ENTRIES PROVIDED Block Start
Lemma Derive_h_front z : Derive h (w z) = Derive H (w z).
Proof.
  apply Derive_ext_loc; destruct (front_range z) as [H0 H1].
  exists (mkposreal _ (Rmin_pos _ _ H0 (proj2 (Rlt_0_minus _ _) H1))); intros y Hy.
  apply Hh; apply Rabs_def2 in Hy; unfold minus, plus, opp in Hy; simpl in Hy.
  pose proof (Rmin_l (w z) (1 - w z)); pose proof (Rmin_r (w z) (1 - w z)).
  lra.
Qed.

Lemma is_derive_front_energy z :
  is_derive (fun z => e * flux (d z) - c * w z - H (w z)) z (- f (clamp (w z))).
Proof.
  assert (Hval : e * Derive (fun y => flux (d y)) z - c * d z - Derive H (w z) * d z
                 = - f (clamp (w z))).
  { rewrite clamp_id by (pose proof (front_range z); lra).
    pose proof (Hode z) as Hz; rewrite Derive_h_front in Hz; lra. }
  rewrite <- Hval.
  pose proof (is_derive_minus (fun z => e * flux (d z) - c * w z) (fun z => H (w z)) z _ _
    (is_derive_minus _ _ z _ _ (is_derive_scal _ z e _ (Derive_correct _ z (Hflux z)))
                               (is_derive_scal _ z c _ (Hw z)))
    (is_derive_comp H w z _ _ (Derive_correct _ _ (HH (w z))) (Hw z))) as HG.
  revert HG; unfold minus, plus, opp, scal; simpl; unfold mult; simpl.
  replace (e * Derive (fun y => flux (d y)) z + - (c * d z) + - (d z * Derive H (w z)))
    with (e * Derive (fun y => flux (d y)) z - c * d z - Derive H (w z) * d z) by ring.
  auto.
Qed.
Lemma indicator_le_probes (X : nat) : (0 < X)%N -> T <= `|ln X%:R - S| ->
  1 <= 2 * (1 - large_probe ^+ X) + 2 * small_probe ^+ X.
Proof.
move=> X0 hT.
have eX : expR (ln X%:R) = X%:R :> R by rewrite lnK // posrE ltr0n.
have [L0 L1] := andP large_probe_01; have [s0 s1] := andP small_probe_01.
have LX1 : large_probe ^+ X <= 1 by rewrite exprn_ile1 ?ltW.
have sX0 : 0 <= small_probe ^+ X by rewrite exprn_ge0 ?ltW.
move: hT; rewrite ler_normr => /orP[hT|hT].
- have h : 1 <= expR (- (S + T)) * X%:R.
    by rewrite -eX -expRD -[leLHS]expR0 ler_expR; lra.
  suff : large_probe ^+ X <= 2^-1 by lra.
  rewrite /large_probe -expRM_natr mulNr.
  apply: (@le_trans _ _ (expR (-1))); first by rewrite ler_expR lerN2.
  rewrite expRN -[X in _ <= X]invrK lef_pV2 ?posrE ?expR_gt0 //.
  by have := expR_ge1Dx (1 : R); lra.
- have h : expR (T - S) * X%:R <= 1.
    by rewrite -eX -expRD -[leRHS]expR0 ler_expR; lra.
  suff : 2^-1 <= small_probe ^+ X by lra.
  rewrite /small_probe -expRM_natr mulNr.
  apply: (@le_trans _ _ (expR (- 2^-1))); first by have := expR_ge1Dx (- 2^-1 : R); lra.
  by rewrite ler_expR lerN2 mulrAC; lra.
Qed.

Lemma small_probe_odds : small_probe / (1 - small_probe) <= 2 * expR (S - T).
Proof.
apply: le_trans (expRN_odds_le _) _; first by rewrite divr_gt0 ?expR_gt0.
by rewrite invf_div -expRN opprB.
Qed.

End Probes.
ENTRIES PROVIDED Block End
HOW TO COMPLETE THIS TASK »
Write out a word-for-word copy of every entry above.

RESULT »
Lemma Derive_h_front z : Derive h (w z) = Derive H (w z).
Proof.
  apply Derive_ext_loc; destruct (front_range z) as [H0 H1].
  exists (mkposreal _ (Rmin_pos _ _ H0 (proj2 (Rlt_0_minus _ _) H1))); intros y Hy.
  apply Hh; apply Rabs_def2 in Hy; unfold minus, plus, opp in Hy; simpl in Hy.
  pose proof (Rmin_l (w z) (1 - w z)); pose proof (Rmin_r (w z) (1 - w z)).
  lra.
Qed.

Lemma is_derive_front_energy z :
  is_derive (fun z => e * flux (d z) - c * w z - H (w z)) z (- f (clamp (w z))).
Proof.
  assert (Hval : e * Derive (fun y => flux (d y)) z - c * d z - Derive H (w z) * d z
                 = - f (clamp (w z))).
  { rewrite clamp_id by (pose proof (front_range z); lra).
    pose proof (Hode z) as Hz; rewrite Derive_h_front in Hz; lra. }
  rewrite <- Hval.
  pose proof (is_derive_minus (fun z => e * flux (d z) - c * w z) (fun z => H (w z)) z _ _
    (is_derive_minus _ _ z _ _ (is_derive_scal _ z e _ (Derive_correct _ z (Hflux z)))
                               (is_derive_scal _ z c _ (Hw z)))
    (is_derive_comp H w z _ _ (Derive_correct _ _ (HH (w z))) (Hw z))) as HG.
  revert HG; unfold minus, plus, opp, scal; simpl; unfold mult; simpl.
  replace (e * Derive (fun y => flux (d y)) z + - (c * d z) + - (d z * Derive H (w z)))
    with (e * Derive (fun y => flux (d y)) z - c * d z - Derive H (w z) * d z) by ring.
  auto.
Qed.
Lemma indicator_le_probes (X : nat) : (0 < X)%N -> T <= `|ln X%:R - S| ->
  1 <= 2 * (1 - large_probe ^+ X) + 2 * small_probe ^+ X.
Proof.
move=> X0 hT.
have eX : expR (ln X%:R) = X%:R :> R by rewrite lnK // posrE ltr0n.
have [L0 L1] := andP large_probe_01; have [s0 s1] := andP small_probe_01.
have LX1 : large_probe ^+ X <= 1 by rewrite exprn_ile1 ?ltW.
have sX0 : 0 <= small_probe ^+ X by rewrite exprn_ge0 ?ltW.
move: hT; rewrite ler_normr => /orP[hT|hT].
- have h : 1 <= expR (- (S + T)) * X%:R.
    by rewrite -eX -expRD -[leLHS]expR0 ler_expR; lra.
  suff : large_probe ^+ X <= 2^-1 by lra.
  rewrite /large_probe -expRM_natr mulNr.
  apply: (@le_trans _ _ (expR (-1))); first by rewrite ler_expR lerN2.
  rewrite expRN -[X in _ <= X]invrK lef_pV2 ?posrE ?expR_gt0 //.
  by have := expR_ge1Dx (1 : R); lra.
- have h : expR (T - S) * X%:R <= 1.
    by rewrite -eX -expRD -[leRHS]expR0 ler_expR; lra.
  suff : 2^-1 <= small_probe ^+ X by lra.
  rewrite /small_probe -expRM_natr mulNr.
  apply: (@le_trans _ _ (expR (- 2^-1))); first by have := expR_ge1Dx (- 2^-1 : R); lra.
  by rewrite ler_expR lerN2 mulrAC; lra.
Qed.

Lemma small_probe_odds : small_probe / (1 - small_probe) <= 2 * expR (S - T).
Proof.
apply: le_trans (expRN_odds_le _) _; first by rewrite divr_gt0 ?expR_gt0.
by rewrite invf_div -expRN opprB.
Qed.

End Probes.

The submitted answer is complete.